Los cereales Postum te conducían por el Camino de la Felicidad hacia
la Ciudad del Bienestar y la Luz del Sol. Sus copos flotantes tenían
propiedades religiosas, que por algo se llamaban Maná de Elías, (el profeta),
y sus nueces conjuraban la apendicitis, la tuberculosis, la malaria y la
caída de los dientes.
En 1883, el profesor Holloway gastó cincuenta mil libras en la publicidad
de un producto, a base de jabón de aloe, que era infalible contra cincuenta
enfermedades, enumeradas en el prospecto.
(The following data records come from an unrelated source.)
(* Let $H$ be a subgroup of finite index in a group $G$. A subset $A\subset H$ is small in $H$ if and only if $A$ is small in $G$.
   Context: A subset $L$ of a group $\Gamma$ is large in $\Gamma$ if there is a finite $F\subset\Gamma$ with $\Gamma=FL$. A subset $A\subset\Gamma$ is small in $\Gamma$ if for every large set $L\subset\Gamma$ the set $L\setminus A$ is large in $\Gamma$. *)

From Stdlib Require Import List.
Import ListNotations.

Record Group := {
  carrier :> Type;
  gmul : carrier -> carrier -> carrier;
  gone : carrier;
  ginv : carrier -> carrier;
  gmul_assoc : forall x y z, gmul x (gmul y z) = gmul (gmul x y) z;
  gmul_1l : forall x, gmul gone x = x;
  gmul_1r : forall x, gmul x gone = x;
  gmul_Vl : forall x, gmul (ginv x) x = gone;
  gmul_Vr : forall x, gmul x (ginv x) = gone
}.

Arguments gmul {g}.
Arguments gone {g}.
Arguments ginv {g}.

Definition subset_of {G : Group} (A B : G -> Prop) : Prop := forall x, A x -> B x.

Definition is_subgroup {G : Group} (H : G -> Prop) : Prop :=
  H gone /\ (forall x y, H x -> H y -> H (gmul x y)) /\ (forall x, H x -> H (ginv x)).

(* H has finite index in G: G = F H for some finite F (finitely many left cosets). *)
Definition finite_index {G : Group} (H : G -> Prop) : Prop :=
  exists F : list G, forall g : G, exists f h, In f F /\ H h /\ g = gmul f h.

Definition large_in {G : Group} (S L : G -> Prop) : Prop :=
  exists F : list G, (forall f, In f F -> S f) /\
    forall x, S x -> exists f l, In f F /\ L l /\ x = gmul f l.

Definition small_in {G : Group} (S A : G -> Prop) : Prop :=
  forall L : G -> Prop, subset_of L S -> large_in S L ->
    large_in S (fun x => L x /\ ~ A x).

Definition whole (G : Group) : G -> Prop := fun _ => True.

(* Going down, a G-large subset of H is H-large because the translating elements
   needed for points of H already lie in H; going up, F H = G and K L = H give
   (F K) L = G.  For the nontrivial direction, a G-large set L is pulled back to
   the H-large set L' of those h in H with h in L or f h in L for a coset
   representative f outside H.  Removing A from L' removes nothing else from L:
   f h lies outside H, hence outside A. *)

From Stdlib Require Import List Classical.
Import ListNotations.

Section Lists.
Variable G : Group.

Definition prodl (P Q : list G) : list G :=
  flat_map (fun p => map (fun q => gmul p q) Q) P.

Lemma in_prodl p q P Q : In p P -> In q Q -> In (gmul p q) (prodl P Q).
Proof.
  intros Hp Hq. apply in_flat_map. exists p. split; [exact Hp|].
  apply in_map. exact Hq.
Qed.

Lemma exists_filter_list (P : G -> Prop) (l : list G) :
  exists l', forall x, In x l' <-> In x l /\ P x.
Proof.
  induction l as [|a l [l' IH]].
  - exists []. simpl. tauto.
  - destruct (classic (P a)) as [Ha|Ha].
    + exists (a :: l'). intros x. simpl. rewrite IH.
      split; [intros [<-|[]]|intros [[<-|Hx] Px]]; auto.
    + exists l'. intros x. simpl. rewrite IH.
      split; [intros []|intros [[<-|Hx] Px]]; auto. contradiction.
Qed.

End Lists.

Section Groups.
Variable G : Group.

Lemma gmulK (x y : G) : gmul (gmul x y) (ginv y) = x.
Proof. rewrite <- gmul_assoc, gmul_Vr, gmul_1r. reflexivity. Qed.

Lemma gmulVKl (x y z : G) : gmul (gmul x (ginv y)) (gmul y z) = gmul x z.
Proof.
  rewrite <- gmul_assoc. f_equal. rewrite gmul_assoc, gmul_Vl, gmul_1l.
  reflexivity.
Qed.

Variable H : G -> Prop.
Hypothesis subH : is_subgroup H.

Lemma subgroup_mulr_inv (x y : G) : H (gmul x y) -> H y -> H x.
Proof.
  destruct subH as [_ [Hmul Hinv]]. intros Hxy Hy.
  rewrite <- (gmulK x y). auto.
Qed.

Lemma subgroup_notin_mul (f h : G) : ~ H f -> H h -> ~ H (gmul f h).
Proof. intros Hf Hh Hfh. exact (Hf (subgroup_mulr_inv f h Hfh Hh)). Qed.

Lemma large_whole_large_sub (M : G -> Prop) :
  subset_of M H -> large_in (whole G) M -> large_in H M.
Proof.
  intros MH [E [_ HE]].
  destruct (exists_filter_list G H E) as [E' HE'].
  exists E'. split; [intros f Hf; apply HE' in Hf; tauto|].
  intros x Hx. destruct (HE x I) as [e [m [He [Mm ->]]]].
  exists e, m. repeat split; auto.
  apply HE'. split; [exact He|]. exact (subgroup_mulr_inv e m Hx (MH m Mm)).
Qed.

Hypothesis fiH : finite_index H.

Lemma large_sub_large_whole (M : G -> Prop) :
  large_in H M -> large_in (whole G) M.
Proof.
  destruct fiH as [F HF]. intros [K [_ HK]].
  exists (prodl G F K). split; [intros; exact I|].
  intros x _. destruct (HF x) as [f [h [Hf [Hh ->]]]].
  destruct (HK h Hh) as [k [m [Hk [Mm ->]]]].
  exists (gmul f k), m. repeat split; auto using in_prodl.
  apply gmul_assoc.
Qed.

Lemma small_whole_small_sub (A : G -> Prop) :
  small_in (whole G) A -> small_in H A.
Proof.
  intros Asmall L LH HL. apply large_whole_large_sub.
  - intros x [Lx _]. exact (LH x Lx).
  - apply Asmall; [intros x _; exact I|]. exact (large_sub_large_whole L HL).
Qed.

Section Pullback.
Variable F : list G.
Hypothesis cosetsF : forall g : G, exists f h, In f F /\ H h /\ g = gmul f h.
Variable L : G -> Prop.

Definition pullback (h : G) : Prop :=
  H h /\ (L h \/ exists f, In f F /\ ~ H f /\ L (gmul f h)).

Lemma large_pullback : large_in (whole G) L -> large_in H pullback.
Proof.
  intros [E [_ HE]]. apply large_whole_large_sub; [intros x [Hx _]; exact Hx|].
  exists (prodl G E F ++ E). split; [intros; exact I|].
  intros x _. destruct (HE x I) as [e [l [He [Ll ->]]]].
  destruct (cosetsF l) as [f [h [Hf [Hh ->]]]].
  destruct (classic (H f)) as [Hfin|Hfout].
  - exists e, (gmul f h). repeat split; auto using in_or_app.
    destruct subH as [_ [Hmul _]]. auto.
  - exists (gmul e f), h. repeat split; auto using in_or_app, in_prodl.
    + right. exists f. auto.
    + apply gmul_assoc.
Qed.

Lemma large_pullback_diff_large_diff (A : G -> Prop) : subset_of A H ->
  large_in (whole G) (fun h => pullback h /\ ~ A h) ->
  large_in (whole G) (fun x => L x /\ ~ A x).
Proof.
  intros AH [K [_ HK]].
  exists (prodl G K (map ginv F) ++ K). split; [intros; exact I|].
  intros x _. destruct (HK x I) as [k [h [Hk [[[Hh Lh] NAh] ->]]]].
  destruct Lh as [Lh|[f [Hf [Hfout Lfh]]]].
  - exists k, h. repeat split; auto using in_or_app.
  - exists (gmul k (ginv f)), (gmul f h). repeat split.
    + apply in_or_app. left. apply in_prodl; [exact Hk|]. apply in_map, Hf.
    + exact Lfh.
    + intros Afh. exact (subgroup_notin_mul f h Hfout Hh (AH _ Afh)).
    + symmetry. apply gmulVKl.
Qed.
End Pullback.

Lemma small_sub_small_whole (A : G -> Prop) :
  subset_of A H -> small_in H A -> small_in (whole G) A.
Proof.
  intros AH Asmall L _ HL. destruct fiH as [F HF].
  apply (large_pullback_diff_large_diff F L A AH), large_sub_large_whole.
  apply Asmall; [intros x [Hx _]; exact Hx|]. exact (large_pullback F HF L HL).
Qed.

End Groups.

Theorem lemma5p7 (G : Group) (H : G -> Prop) (A : G -> Prop) :
  is_subgroup H -> finite_index H -> subset_of A H ->
  (small_in H A <-> small_in (whole G) A).
Proof.
  intros subH fiH AH. split.
  - exact (small_sub_small_whole G H subH fiH A AH).
  - exact (small_whole_small_sub G H subH fiH A).
Qed.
Los polvos estomacales del Dr. Gregory te dejaban la barriga nueva gracias
a la exótica combinación de ruibarbo turco, magnesia calcinada y jengibre
de Jamaica, y el linimento del Dr. Veron, «reconocido por miembros
de la Real Academia de Medicina” derrotaba los catarros, el asma y el
sarampión.
El aceite de serpientes del Dr. Stanley, que no tenía nada que ver con
las serpientes, era una mezcla de querosén, alcanfor y trementina que
mataba el reuma. A veces también, mataba a los reumáticos, pero ese
dato no aparecía en los anuncios.
La publicidad no mencionaba la morfina que contenía el jarabe de la
Señora Winslow, que calmaba los nervios, porque lo elaboraba una
familia de serenas costumbres. Y la publicidad tampoco decía a que
coca se refería el nombre de la Coca-Cola, el “tónico ideal para el cerebro
que vendía el Dr. Pemberton.»
Eduardo Galeano. Espejos. Una historia casi universal.